On ne peut parler de Négritude sans parler d’Aimé Césaire, homme très engagé qui s’est battu toute sa vie pour le respect de l’homme. Né le 26 juin 1913 à Basse-Pointe et mort le 17 avril 2008 à Fort-de-France, cet homme politique français a également été un grand poète, essayiste, biographe et dramaturge.

Léopold Sédar Senghor est le premier président de la République du Sénégal et Léon-Gontran Damas est un poète écrivain et homme politique français, sont des anticolonialistes résolus. Avec eux, Césaire fonde le mouvement littéraire de la Négritude, un courant littéraire rassemblant des écrivains francophones noirs. Ce mot, au moment de sa création, englobe toutes les valeurs culturelles propres aux peuples noirs ainsi que l’appartenance à ces peuples.

Aimé Césaire porte plusieurs casquettes avec brio : il sort régulièrement des ouvrages et mène en même temps une carrière politique en tant que député de la Martinique et maire de Fort-de-France pendant cinquante-six ans, de 1945 à 2001.

Il arrive à Paris en 1931 au lycée Louis-Legrand en classe d’hypokhâgne. Avec son ami Léon-Gontran Damas, qu’il connaît depuis la Martinique, il découvre une autre part de leur histoire, à savoir leurs origines africaines. Ces informations, souvent censurées par les sociétés coloniales de Martinique et de Guyane, privent de nombreux enfants d’un savoir qui ouvrent des portes sur le monde extérieur (hors des Antilles françaises).

Césaire et Damas font la rencontre d’autres hommes noirs dont Senghor. Ils créent ensemble le journal L’Etudiant noir. Aimé Césaire fait apparaître le mot Négritude pour la première fois dans cette revue.

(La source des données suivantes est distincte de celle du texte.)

(* Let $X,Y$ be finite sets. If $A\in\mathbb{Z}^{X\times Y}$ has only nonnegative entries, then $$\operatorname{block}(A)\le\max_{x\in X}\sum_{y\in Y}|A(x,y)| .$$ More generally, every $A\in\mathbb{Z}^{X\times Y}$ satisfies $$\operatorname{block}(A)\le 2\max_{x\in X}\sum_{y\in Y}|A(x,y)| .$$
   Context: A boolean matrix $B\in\{0,1\}^{X\times Y}$ is blocky if there exist families $\{S_i\}$ of pairwise disjoint subsets of $X$ and $\{T_i\}$ of pairwise disjoint subsets of $Y$ such that the support of $B$ equals $\bigcup_i S_i\times T_i$. The block complexity $\operatorname{block}(A)$ of an integer matrix $A$ is the smallest $L\ge0$ such that $A=\sum_{i=1}^L\sigma_iB_i$ with blocky $B_i$ and signs $\sigma_i\in\{-1,1\}$. *)

From mathcomp Require Import all_boot all_order all_algebra.
Set Implicit Arguments. Unset Strict Implicit. Unset Printing Implicit Defensive.
Import GRing.Theory Num.Theory.

(* A boolean matrix B is blocky if there are families (S_i)_i of pairwise
   disjoint subsets of X and (T_i)_i of pairwise disjoint subsets of Y
   (given as a finite list of pairs (S_i, T_i)) such that
   supp B = \bigcup_i S_i x T_i. *)
Definition blocky (X Y : finType) (B : X -> Y -> bool) : Prop :=
  exists F : seq ({set X} * {set Y}),
    (forall i j, (i < size F)%N -> (j < size F)%N -> i != j ->
        [disjoint (nth (set0, set0) F i).1 & (nth (set0, set0) F j).1]
        /\ [disjoint (nth (set0, set0) F i).2 & (nth (set0, set0) F j).2])
    /\ (forall x y, B x y = has (fun p : {set X} * {set Y} => (x \in p.1) && (y \in p.2)) F).

Definition block_decomposable (X Y : finType) (A : X -> Y -> int) (L : nat) : Prop :=
  exists (B : 'I_L -> X -> Y -> bool) (sigma : 'I_L -> bool),
    (forall i, blocky (B i)) /\
    (forall x y, A x y = (\sum_(i < L) (-1) ^+ sigma i * (B i x y)%:Z)%R).

(* block(A) <= N  (block(A) is the least L with a decomposition). *)
Definition block_le (X Y : finType) (A : X -> Y -> int) (N : nat) : Prop :=
  exists L, (L <= N)%N /\ block_decomposable A L.

Definition max_row_l1 (X Y : finType) (A : X -> Y -> int) : nat :=
  \max_(x : X) \sum_(y : Y) `|A x y|%N.

(* Split A into its positive and negative parts; it suffices to write a
   nonnegative matrix P whose row sums are at most M as a sum of M blocky
   matrices.  List the columns of row x with multiplicity, the column y
   occurring P x y times; the k-th layer has a single 1 in row x, at the k-th
   column of that list.  A boolean matrix with at most one 1 per row is
   blocky: take the blocks {x | B x y} x {y}. *)
From mathcomp Require Import all_boot all_order all_algebra.
Import GRing.Theory Num.Theory.

Set Implicit Arguments.
Unset Strict Implicit.
Unset Printing Implicit Defensive.

Lemma blocky_row_uniq (X Y : finType) (B : X -> Y -> bool) :
  (forall x y y', B x y -> B x y' -> y = y') -> blocky B.
Proof.
move=> B_uniq.
exists [seq ([set x | B x z], [set z]) | z <- enum Y]; split.
  move=> i j; rewrite size_map => lt_i lt_j neq_ij.
  have y0 : Y by move: lt_i; case: (enum Y) => [|a l] // _; exact: a.
  rewrite !(nth_map y0) -?enumT //.
  have : nth y0 (enum Y) i != nth y0 (enum Y) j by rewrite nth_uniq ?enum_uniq.
  set a := nth y0 _ i; set b := nth y0 _ j => /eqP neq_ab.
  split; apply/pred0P => x /=; rewrite !inE; apply/negP.
    by case/andP=> Ba Bb; apply: neq_ab; exact: B_uniq Ba Bb.
  by case/andP=> /eqP-> /eqP.
move=> x y; rewrite has_map; apply/idP/hasP => [Bxy | [z _]].
  by exists y; rewrite ?mem_enum //= !inE eqxx andbT.
by rewrite /= !inE => /andP[Bxz /eqP->].
Qed.

Section NatLayers.

Variables (X Y : finType) (P : X -> Y -> nat).

Definition row_multiset (x : X) : seq Y :=
  flatten [seq nseq (P x z) z | z <- enum Y].

Lemma count_row_multiset x (a : pred Y) :
  count a (row_multiset x) = \sum_(z | a z) P x z.
Proof.
rewrite count_flatten -map_comp sumnE big_map big_enum [RHS]big_mkcond /=.
by apply: eq_bigr => z _; rewrite count_nseq; case: (a z); rewrite ?mul1n.
Qed.

Definition layer (k : nat) (x : X) (y : Y) : bool :=
  (k < size (row_multiset x)) && (nth y (row_multiset x) k == y).

Lemma blocky_layer k : blocky (layer k).
Proof.
apply: blocky_row_uniq => x y y' /andP[lt_k /eqP <-] /andP[_ /eqP <-].
exact: set_nth_default.
Qed.

Lemma sum_layers (M : nat) x y :
  \sum_y' P x y' <= M -> \sum_(k < M) layer k x y = P x y.
Proof.
move=> row_le; rewrite /layer; set s := row_multiset x.
have size_s : size s <= M by rewrite -count_predT count_row_multiset.
have -> : P x y = count (pred1 y) s by rewrite count_row_multiset big_pred1_eq.
rewrite -(big_mkord xpredT (fun k => ((k < size s) && (nth y s k == y)) : nat)).
rewrite (big_cat_nat _ size_s) //= [X in _ + X]big1_seq ?addn0; last first.
  by move=> k /andP[_]; rewrite mem_index_iota => /andP[/leq_gtF->].
rewrite -sum1_count big_mkcond (big_nth y) /= big_nat_cond [RHS]big_nat_cond.
rewrite [RHS]big_mkcondr; apply: eq_big => [k | k /andP[/andP[_ ->] _]].
  by rewrite andbT.
by case: eqP.
Qed.

Lemma block_decomposable_signed (M : nat) :
  (forall x, \sum_y P x y <= M) -> forall b : bool,
  block_decomposable (fun x y => (-1) ^+ b * (P x y)%:Z)%R M.
Proof.
move=> row_le b; exists (fun k : 'I_M => layer k), (fun => b).
split=> [k | x y]; first exact: blocky_layer.
by rewrite -mulr_sumr -(big_morph Posz PoszD (erefl _)) sum_layers.
Qed.

End NatLayers.

Lemma block_decomposableD (X Y : finType) (A1 A2 : X -> Y -> int) L1 L2 :
  block_decomposable A1 L1 -> block_decomposable A2 L2 ->
  block_decomposable (fun x y => A1 x y + A2 x y)%R (L1 + L2).
Proof.
move=> [B1 [s1 [blocky1 E1]]] [B2 [s2 [blocky2 E2]]].
exists (fun k => match split k with inl i => B1 i | inr j => B2 j end).
exists (fun k => match split k with inl i => s1 i | inr j => s2 j end).
split=> [k | x y]; first by case: (split k).
rewrite big_split_ord E1 E2; congr (_ + _)%R.
  by apply: eq_bigr => i _; rewrite (unsplitK (inl i)).
by apply: eq_bigr => j _; rewrite (unsplitK (inr j)).
Qed.

Lemma int_pos_neg_split (a : int) :
  a = ((if 0 <= a then `|a|%N else 0%N)%:Z
       - (if a < 0 then `|a|%N else 0%N)%:Z)%R.
Proof.
case: (lerP 0 a) => [a_ge0 | a_lt0]; first by rewrite subr0 gez0_abs.
by rewrite sub0r ltz0_abs ?opprK.
Qed.

Theorem lemma4p1 (X Y : finType) (A : X -> Y -> int) :
  ((forall x y, (0 <= A x y)%R) -> block_le A (max_row_l1 A))
  /\ block_le A (2 * max_row_l1 A).
Proof.
set M := max_row_l1 A.
have row_le x : \sum_y `|A x y|%N <= M.
  exact: (leq_bigmax (F := fun x => \sum_y `|A x y|%N)).
split=> [A_ge0 | ].
  have [B [s [blockyB E]]] := block_decomposable_signed row_le false.
  exists M; split=> //; exists B, s; split=> // x y.
  by rewrite -E expr0 mul1r gez0_abs.
pose pos x y := if (0 <= A x y)%R then `|A x y|%N else 0%N.
pose neg x y := if (A x y < 0)%R then `|A x y|%N else 0%N.
have pos_le x : \sum_y pos x y <= M.
  by apply: leq_trans (row_le x); apply: leq_sum => y _; rewrite /pos; case: ifP.
have neg_le x : \sum_y neg x y <= M.
  by apply: leq_trans (row_le x); apply: leq_sum => y _; rewrite /neg; case: ifP.
have [B [s [blockyB E]]] := block_decomposableD
  (block_decomposable_signed pos_le false) (block_decomposable_signed neg_le true).
exists (M + M); split; first by rewrite mul2n addnn.
by exists B, s; split=> // x y; rewrite -E expr0 expr1 mul1r mulN1r -int_pos_neg_split.
Qed.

Les trois hommes tissent une forte amitié et vivent dans une France marquée par le racisme, une vision réductrice qui berce le système colonialiste. Nourris alors par le projet commun de défendre et de prôner la valeur du peuple noir, ils créent la Négritude. Ils veulent surtout se pencher vers les personnes opprimées, victimes d’injustice, de racisme et qui ne sont pas traitées à leur juste valeur. Ainsi le mot Négritude, au fil des ans, ne s’apparentera plus uniquement aux personnes de couleur mais à tous ceux qui se sentent opprimés.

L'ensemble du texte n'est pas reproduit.